Critics say these expenditures should have been trimmed to free up additional resources for youth empowerment, women’s enterprise, market infrastructure and social protection programmes.
Some dissenting MCAs have also alleged that the inflated budget could be used to create political goodwill ahead of the 2027 General Election. However, they did not publicly present evidence to support the claim, and the county government has consistently maintained that all expenditures comply with the Public Finance Management Act and approved planning frameworks.
Governor Defends Development Agenda
Governor Ochilo Ayacko’s administration has maintained that the Sh12.4 billion budget is designed to accelerate socio-economic transformation by investing in healthcare, roads, agriculture, education, water, housing and economic growth while strengthening service delivery across all eight sub-counties.
County officials have also defended the increased budget, citing improved national allocations, enhanced donor support and projected growth in locally generated revenue.
Political Battle Shifts to Budget Implementation
With the budget now approved, attention is expected to shift from the Assembly chambers to project implementation.

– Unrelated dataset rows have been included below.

(* Let $h:\mathbb{R}\to\mathbb{R}$ be $h(x):=\big(\frac{\sin(\pi x)}{\pi x}\big)^2$ (with $h(0)=1$), and let $r\ge1$. Then, considering the following functions of $x$ on the interval $[0,1]$: (i) $h(x)+h(x-1)$ has a global minimum at $x=\tfrac12$; (ii) for every $m=1,2,3,\dots$, $h(x+m)+h(x-(m+1))$ has a global maximum at $x=\tfrac12$; (iii) $h(x)+h(x-1)-\big(h(x)^r+h(x-1)^r\big)^{1/r}$ has a global maximum at $x=\tfrac12$; (iv) for every $m=1,2,3,\dots$, $\big(h(x+m)+h(x-(m+1))\big)^r-h(x+m)^r-h(x-(m+1))^r$ has a global maximum at $x=\tfrac12$.
   Context: $h$ is understood as its continuous extension at $x=0$, i.e. $h(0)=1$. *)

From Stdlib Require Import Reals.
Open Scope R_scope.

Definition h (x : R) : R :=
  if Req_EM_T x 0 then 1 else (sin (PI * x) / (PI * x)) ^ 2.

Definition rpow (a r : R) : R :=
  if Req_EM_T a 0 then 0 else Rpower a r.

Definition is_global_max_on01 (f : R -> R) (x0 : R) : Prop :=
  0 <= x0 <= 1 /\ forall x, 0 <= x <= 1 -> f x <= f x0.
Definition is_global_min_on01 (f : R -> R) (x0 : R) : Prop :=
  0 <= x0 <= 1 /\ forall x, 0 <= x <= 1 -> f x0 <= f x.

From Stdlib Require Import Reals Lra Psatz.
From Coquelicot Require Import Coquelicot.
Open Scope R_scope.

(* Write [x = 1/2 + d] with [|d| <= 1/2] and [M = m + 1/2]. The two arguments of
   [h] then sit at [M + d] and [M - d] and share the numerator
   [sin (PI (M +- d))^2 = cos (PI d)^2], so [h (M+d) + h (M-d) - 2 h M] has the sign
   of [cos (PI d)^2 (M^2 + d^2) M^2 - (M^2 - d^2)^2]. Taylor bounds for sin and cos
   (with [3.14 <= PI <= 3.143] from Machin's formula) make this nonnegative for
   [M = 1/2] and nonpositive for [M >= 3/2], which gives (i) and (ii); they also give
   [cos (PI d)^2 <= 1 - 4 d^2], i.e. [h (1/2+d) h (1/2-d) <= h (1/2)^2].
   Part (iii) then follows from [a + b - (a^r + b^r)^(1/r) <= (2 - 2^(1/r)) sqrt (a b)],
   proved by writing [(a, b) = e^mu (e^y, e^-y)] and showing that the defect decreases
   in [y]. Part (iv) follows from (ii) and the power-mean bound
   [(a+b)^r - a^r - b^r <= (1 - 2^(1-r)) (a+b)^r], whose right side increases with
   [a + b]. *)

Lemma PI_bounds : 3.14 <= PI <= 3.143.
Proof.
  destruct (PI_2_3_7_ineq 1) as [Hlo Hhi].
  unfold tg_alt, PI_2_3_7_tg, Ratan_seq in Hlo, Hhi; simpl in Hlo, Hhi; lra.
Qed.
(* Let $\tau\colon\mathbb R^{\mathbb Z}\to\mathbb R^{\mathbb Z}$ be defined by $\tau(x)(n)=x(n+1)-x(n)^2$ for all $x\in\mathbb R^{\mathbb Z}$ and $n\in\mathbb Z$. Then $\tau$ is an algebraic cellular automaton over $\mathbb R$ (with memory set $\{0,1\}$ and local defining map $(x_0,x_1)\mapsto x_1-x_0^2$), its image $\tau(\mathbb R^{\mathbb Z})$ is dense in $\mathbb R^{\mathbb Z}$ for the prodiscrete topology, the constant configuration $z\equiv 1$ is not in $\tau(\mathbb R^{\mathbb Z})$, and hence $\tau(\mathbb R^{\mathbb Z})$ is not closed in $\mathbb R^{\mathbb Z}$ for the prodiscrete topology.
   Context: The prodiscrete topology on $\mathbb R^{\mathbb Z}$ is the product topology where each factor $\mathbb R$ is given the discrete topology. A cellular automaton over $\mathbb Z$ with alphabet $\mathbb R$ is a map $\tau$ for which there exist a finite $M\subset\mathbb Z$ and $\mu\colon\mathbb R^M\to\mathbb R$ with $\tau(x)(n)=\mu((m\mapsto x(n+m))_{m\in M})$; it is algebraic if $\mu$ is a polynomial map. *)

From Stdlib Require Import Reals ZArith List.
Open Scope R_scope.

Definition config := Z -> R.

Definition tau (x : config) : config := fun n => x (n + 1)%Z - (x n) ^ 2.

(* Restriction of the shifted configuration to the memory set M (a finite
   duplicate-free list of integers), i.e. the element (m |-> x(n+m)) of R^M,
   represented as the list of its values in the order of M. *)
Definition pattern (M : list Z) (x : config) (n : Z) : list R :=
  map (fun m => x (n + m)%Z) M.

Definition is_cellular_automaton (t : config -> config) : Prop :=
  exists (M : list Z) (mu : list R -> R), NoDup M /\
    forall x n, t x n = mu (pattern M x n).

Inductive polyexpr : Type :=
| PConst : R -> polyexpr
| PVar : nat -> polyexpr
| PAdd : polyexpr -> polyexpr -> polyexpr
| PMul : polyexpr -> polyexpr -> polyexpr.

Fixpoint peval (p : polyexpr) (v : list R) : R :=
  match p with
  | PConst c => c
  | PVar i => nth i v 0
  | PAdd p q => peval p v + peval q v
  | PMul p q => peval p v * peval q v
  end.

Definition is_polynomial_map (k : nat) (mu : list R -> R) : Prop :=
  exists p : polyexpr, forall v, length v = k -> mu v = peval p v.

Definition is_algebraic_CA (t : config -> config) : Prop :=
  exists (M : list Z) (mu : list R -> R), NoDup M /\
    is_polynomial_map (length M) mu /\
    forall x n, t x n = mu (pattern M x n).

(* Prodiscrete topology on R^Z: U is open iff every point of U has a
   basic neighbourhood {y | y = x on F} (F finite) contained in U. *)
Definition prodiscrete_open (U : config -> Prop) : Prop :=
  forall x, U x -> exists F : list Z,
    forall y, (forall k, In k F -> y k = x k) -> U y.

Definition prodiscrete_closed (S : config -> Prop) : Prop :=
  prodiscrete_open (fun x => ~ S x).

Definition prodiscrete_dense (S : config -> Prop) : Prop :=
  forall U, prodiscrete_open U -> (exists x, U x) -> exists y, U y /\ S y.

Definition image (t : config -> config) : config -> Prop :=
  fun z => exists x, t x = z.

Definition mu_tau (v : list R) : R := nth 1 v 0 - (nth 0 v 0) ^ 2.

(* Surjectivity fails only "at minus infinity".  Given x and a finite window,
   start a preimage with zeros below the window and solve
   w(n+1) = x(n) + w(n)^2 forwards; hence tau has dense image.  The constant
   configuration 1 has no preimage: w(n+1) = 1 + w(n)^2 >= w(n) + 3/4 forces
   w(-m) <= w(0) - 3m/4, contradicting w >= 1. *)

From Stdlib Require Import Reals ZArith List Lra Lia.
Open Scope R_scope.

Lemma mu_tau_polynomial (k : nat) : is_polynomial_map k mu_tau.
Proof.
  exists (PAdd (PVar 1) (PMul (PConst (-1)) (PMul (PVar 0) (PVar 0)))).
  intros v _. unfold mu_tau; simpl; ring.
Qed.

Lemma tau_local_rule (x : config) (n : Z) :
  tau x n = mu_tau (pattern (0%Z :: 1%Z :: nil) x n).
Proof. unfold tau, mu_tau, pattern; simpl. now rewrite Z.add_0_r. Qed.

Lemma NoDup_0_1 : NoDup (0%Z :: 1%Z :: nil).
Proof.
  constructor; [simpl; intros [H | []]; discriminate |].
  constructor; [simpl; tauto | constructor].
Qed.

Lemma tau_algebraic_CA : is_algebraic_CA tau.
Proof.
  exists (0%Z :: 1%Z :: nil), mu_tau.
  split; [exact NoDup_0_1 | split; [apply mu_tau_polynomial | exact tau_local_rule]].
Qed.

Section Prodiscrete.

Variable S : config -> Prop.

(* Cylinders {y | y = x on F} are the basic prodiscrete open sets. *)
Hypothesis S_meets_cylinders :
  forall (x : config) (F : list Z),
    exists y, S y /\ forall k, In k F -> y k = x k.

Lemma prodiscrete_dense_of_cylinders : prodiscrete_dense S.
Proof.
  intros U HU [x Ux].
  destruct (HU x Ux) as [F HF].
  destruct (S_meets_cylinders x F) as [y [Sy Hy]].
  exists y; split; [exact (HF y Hy) | exact Sy].
Qed.

Lemma not_prodiscrete_closed_of_cylinders (z : config) :
  ~ S z -> ~ prodiscrete_closed S.
Proof.
  intros Sz Hclosed.
  destruct (Hclosed z Sz) as [F HF].
  destruct (S_meets_cylinders z F) as [y [Sy Hy]].
  exact (HF y Hy Sy).
Qed.

End Prodiscrete.

Lemma list_Z_lower_bound (F : list Z) :
  exists N, forall k, In k F -> (N <= k)%Z.
Proof.
  induction F as [| a F [N HN]]; [exists 0%Z; intros k [] |].
  exists (Z.min a N). intros k [<- | Hk]; [lia |].
  specialize (HN k Hk); lia.
Qed.

(* [forward_solution x N m] is the value at N + m of the preimage of x
   that vanishes at N. *)
Fixpoint forward_solution (x : config) (N : Z) (m : nat) : R :=
  match m with
  | O => 0
  | S m' => x (N + Z.of_nat m')%Z + forward_solution x N m' ^ 2
  end.

Definition preimage_from (x : config) (N : Z) : config :=
  fun k => if (k <? N)%Z then 0 else forward_solution x N (Z.to_nat (k - N)).

Lemma tau_preimage_from (x : config) (N k : Z) :
  (N <= k)%Z -> tau (preimage_from x N) k = x k.
Proof.
  intros HNk. unfold tau, preimage_from.
  destruct (Z.ltb_spec (k + 1) N); [lia |].
  destruct (Z.ltb_spec k N); [lia |].
  replace (Z.to_nat (k + 1 - N)) with (S (Z.to_nat (k - N))) by lia.
  simpl forward_solution.
  replace (N + Z.of_nat (Z.to_nat (k - N)))%Z with k by lia.
  ring.
Qed.

Lemma image_tau_meets_cylinders (x : config) (F : list Z) :
  exists y, image tau y /\ forall k, In k F -> y k = x k.
Proof.
  destruct (list_Z_lower_bound F) as [N HN].
  exists (tau (preimage_from x N)). split; [now exists (preimage_from x N) |].
  intros k Hk. exact (tau_preimage_from x _ _ (HN k Hk)).
Qed.

Lemma one_not_in_image_tau : ~ image tau (fun _ => 1).
Proof.
  intros [x Hx].
  assert (Hstep : forall n, x (n + 1)%Z = 1 + x n ^ 2).
  { intro n. pose proof (f_equal (fun f => f n) Hx) as Hn.
    unfold tau in Hn; simpl in Hn; lra. }
  assert (Hge1 : forall n, 1 <= x n).
  { intro n. replace n with ((n - 1) + 1)%Z by lia. rewrite Hstep. nra. }
  (* 1 + a^2 - a - 3/4 = (a - 1/2)^2 *)
  assert (Hdrift : forall m : nat, x (- Z.of_nat m)%Z + 3/4 * INR m <= x 0%Z).
  { induction m as [| m IH]; [simpl; lra |].
    replace (- Z.of_nat m)%Z with (- Z.of_nat (S m) + 1)%Z in IH by lia.
    rewrite Hstep in IH. rewrite S_INR.
    pose proof (pow2_ge_0 (x (- Z.of_nat (S m))%Z - 1/2)). nra. }
  destruct (INR_archimed (3/4) (x 0%Z)) as [m Hm]; [lra |].
  specialize (Hdrift m). specialize (Hge1 (- Z.of_nat m)%Z). lra.
Qed.

Theorem mainTheorem11 :
  is_algebraic_CA tau /\
  is_polynomial_map 2 mu_tau /\
  (forall x n, tau x n = mu_tau (pattern (0%Z :: 1%Z :: nil) x n)) /\
  prodiscrete_dense (image tau) /\
  ~ image tau (fun _ => 1) /\
  ~ prodiscrete_closed (image tau).
Proof.
  split; [exact tau_algebraic_CA |].
  split; [apply mu_tau_polynomial |].
  split; [exact tau_local_rule |].
  split; [exact (prodiscrete_dense_of_cylinders _ image_tau_meets_cylinders) |].
  split; [exact one_not_in_image_tau |].
  exact (not_prodiscrete_closed_of_cylinders _ image_tau_meets_cylinders _
           one_not_in_image_tau).
Qed.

For critics such as Chris Kwenya and Moses Magwe, the real test will not be the size of the budget but whether it delivers tangible results for ordinary Migori residents.
As political temperatures begin rising ahead of the 2027 elections, the record budget has already become more than a financial document—it is emerging as the latest battleground over Governor Ochilo Ayacko’s development record, with the opposition promising to closely monitor every shilling spent.